*Records for this task*

Lemma coset_orbit_cover1 v : coset_orbit C v =
  [set w | (w <= C)%MS == (v <= C)%MS].
Proof.
apply/setP => w; rewrite !inE; apply/existsP/eqP => [[M /andP [AutM wvMC]] | wvC].
  have vMw : v *m M = w - (w - v *m M) by rewrite opprB addrC subrK.
  apply/idP/idP => [wC | vC]; last by rewrite -(subrK (v *m M) w) addmx_sub ?in_Aut_sub.
  by apply: (in_Aut_subV AutM); rewrite vMw addmx_sub ?eqmx_opp.
have [cx [cy [M AutM [cxC cyC vwM]]]] := Aut_move_coset (esym wvC).
exists M; rewrite AutM /=.
have -> : w - v *m M = cy - cx *m M.
  by rewrite -(subrK cy w) -vwM mulmxBl addrAC [v *m M - _]addrC addrK addrC.
by rewrite addmx_sub ?eqmx_opp ?in_Aut_sub.
Qed.

Lemma completely_transitive_cover1 v0 : ~~ (v0 <= C)%MS -> completely_transitive C.
Proof.
move=> v0C; rewrite /completely_transitive /num_coset_orbits (covering_radius_cover1 v0C).
pose side b := [set w : 'rV[F]_n | (w <= C)%MS == b].
have -> : [set coset_orbit C v | v : 'rV[F]_n] = [set side true; side false].
  apply/setP => X; rewrite !inE; apply/imsetP/idP => [[v _ ->] | ].
    by rewrite coset_orbit_cover1; case: (v <= C)%MS; rewrite eqxx ?orbT.
  case/orP => /eqP ->; [exists 0 | exists v0] => //; rewrite coset_orbit_cover1 ?sub0mx //.
  by rewrite (negPf v0C).
rewrite cards2; case: eqP => // /setP /(_ 0).
by rewrite !inE sub0mx.
Qed.

End CoveringRadiusOne.

Section PermScale.
Variables (F : finFieldType) (n : nat) (pi : 'I_n -> 'I_n) (lam : 'I_n -> F).

Definition perm_scale_mx : 'M[F]_n := \matrix_(l, l') (if l' == pi l then lam l else 0).

Lemma row_perm_scale_mx l : row l perm_scale_mx = lam l *: delta_mx 0 (pi l).
Proof. by apply/rowP => l'; rewrite !mxE eqxx /=; case: (l' == pi l); rewrite ?mulr1 ?mulr0. Qed.

Lemma perm_scale_mx_monomial : injective pi -> (forall l, lam l != 0) ->
  monomialb perm_scale_mx.
Proof.
move=> pi_inj lam0; have [pi' piK pi'K] := injF_bij pi_inj.
apply/andP; split; apply/forallP => l; apply/cards1P.
  exists (pi l); apply/setP => l'; rewrite !inE mxE.
  by case: (l' == pi l); rewrite ?eqxx ?lam0.
exists (pi' l); apply/setP => l1; rewrite !inE mxE.
have -> : (l == pi l1) = (l1 == pi' l) by apply/eqP/eqP => [-> | ->]; rewrite ?piK ?pi'K.
by case: (l1 == pi' l); rewrite ?eqxx ?lam0.
Qed.

End PermScale.

Lemma unitmx_transitive (F : fieldType) m (w1 w2 : 'rV[F]_m) : w1 != 0 -> w2 != 0 ->
  exists2 G : 'M[F]_m, G \in unitmx & w1 *m G = w2.
Proof.
have base (w : 'rV[F]_m) : w != 0 -> exists2 P : 'M[F]_m, P \in unitmx & pid_mx 1 *m P = w.
  move=> w0; have rk1 : \rank w = 1%N by apply/eqP; rewrite eqn_leq rank_leq_row lt0n mxrank_eq0.
  have := mulmx_ebase w; rewrite rk1 [col_ebase w]mx11_scalar mul_scalar_mx => wE.
  have cu : col_ebase w 0 0 \is a GRing.unit.
    by have := col_ebase_unit w; rewrite unitmxE det_mx11.
  exists (col_ebase w 0 0 *: row_ebase w); first by rewrite unitmxZ // row_ebase_unit.
  by rewrite -scalemxAr scalemxAl.
move=> /base [P1 P1u P1w] /base [P2 P2u P2w].
exists (invmx P1 *m P2); first by rewrite unitmx_mul unitmx_inv P1u P2u.
by rewrite mulmxA -P1w mulmxK.
Qed.
(* There is no integral quadruple $(a,b,c,d)$ with $c>b>a\ge2$ and $d\ge3$ satisfying \[\frac{1}{a}+\frac{1}{b}+\frac{1}{c}+\frac{d+1}{2d}=2+\frac{1}{abcd}.\] *)

From mathcomp Require Import all_boot all_order all_algebra.

From mathcomp Require Import all_boot all_order all_algebra.
From mathcomp Require Import zify ring lra.
Import Order.TTheory GRing.Theory Num.Theory.
Local Open Scope ring_scope.

(** Under the size constraints the left-hand side is at most
    1/2 + 1/3 + 1/4 + 2/3 = 7/4, while the right-hand side exceeds 2. *)

Section ReciprocalBound.
Variable R : realFieldType.

Lemma invr_le_lb (k x : R) : 0 < k -> k <= x -> x^-1 <= k^-1.
Proof. by move=> k_gt0 kx; rewrite lef_pV2 ?posrE // (lt_le_trans k_gt0). Qed.

Lemma half_succ_div (w : R) : w != 0 -> (w + 1) / (2 * w) = 2^-1 + (2 * w)^-1.
Proof. by move=> w_neq0; field; rewrite w_neq0. Qed.

Lemma sum_reciprocals_lt2 (x y z w : R) :
  2 <= x -> 3 <= y -> 4 <= z -> 3 <= w ->
  x^-1 + y^-1 + z^-1 + (w + 1) / (2 * w) < 2.
Proof.
move=> x_ge2 y_ge3 z_ge4 w_ge3.
have hx : x^-1 <= 2^-1 by apply: invr_le_lb.
have hy : y^-1 <= 3^-1 by apply: invr_le_lb.
have hz : z^-1 <= 4^-1 by apply: invr_le_lb.
have hw : (2 * w)^-1 <= 6^-1 by apply: invr_le_lb; lra.
rewrite half_succ_div; last by rewrite gt_eqF //; lra.
lra.
Qed.

End ReciprocalBound.

Lemma ler_nat_intr (R : numDomainType) (k : nat) (n : int) :
  (k%:Z <= n)%R -> (k%:R : R) <= n%:~R.
Proof. by rewrite -(ler_int R). Qed.

Theorem proposition3p2 :
  ~ exists a b c d : int,
      [/\ (2 <= a)%R, (a < b)%R, (b < c)%R, (3 <= d)%R &
        (a%:~R^-1 + b%:~R^-1 + c%:~R^-1 + (d + 1)%:~R / (2 * d)%:~R : rat)
          = 2 + (a * b * c * d)%:~R^-1].
Proof.
case=> a [b [c [d [a_ge2 ab bc d_ge3 eq_abcd]]]].
have lhs_lt2 : a%:~R^-1 + b%:~R^-1 + c%:~R^-1 + (d + 1)%:~R / (2 * d)%:~R < 2 :> rat.
  rewrite intrD intrM; apply: sum_reciprocals_lt2; apply: ler_nat_intr => //; lia.
have rhs_gt2 : 2 < 2 + (a * b * c * d)%:~R^-1 :> rat.
  rewrite ltrDl invr_gt0 ltr0z !mulr_gt0 //; lia.
by move: lhs_lt2; rewrite eq_abcd ltNge ltW.
Qed.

*Required work*
An exact copy of the lines above, from the one containing "have hx : x^-1 <= 2^-1 by apply: invr_le_lb." down to the one containing "have lhs_lt2 : a%:~R^-1" and including both, is the whole answer; retype it and nothing else.

*Task answer*
have hx : x^-1 <= 2^-1 by apply: invr_le_lb.
have hy : y^-1 <= 3^-1 by apply: invr_le_lb.
have hz : z^-1 <= 4^-1 by apply: invr_le_lb.
have hw : (2 * w)^-1 <= 6^-1 by apply: invr_le_lb; lra.
rewrite half_succ_div; last by rewrite gt_eqF //; lra.
lra.
Qed.

End ReciprocalBound.

Lemma ler_nat_intr (R : numDomainType) (k : nat) (n : int) :
  (k%:Z <= n)%R -> (k%:R : R) <= n%:~R.
Proof. by rewrite -(ler_int R). Qed.

Theorem proposition3p2 :
  ~ exists a b c d : int,
      [/\ (2 <= a)%R, (a < b)%R, (b < c)%R, (3 <= d)%R &
        (a%:~R^-1 + b%:~R^-1 + c%:~R^-1 + (d + 1)%:~R / (2 * d)%:~R : rat)
          = 2 + (a * b * c * d)%:~R^-1].
Proof.
case=> a [b [c [d [a_ge2 ab bc d_ge3 eq_abcd]]]].
have lhs_lt2 : a%:~R^-1 + b%:~R^-1 + c%:~R^-1 + (d + 1)%:~R / (2 * d)%:~R < 2 :> rat.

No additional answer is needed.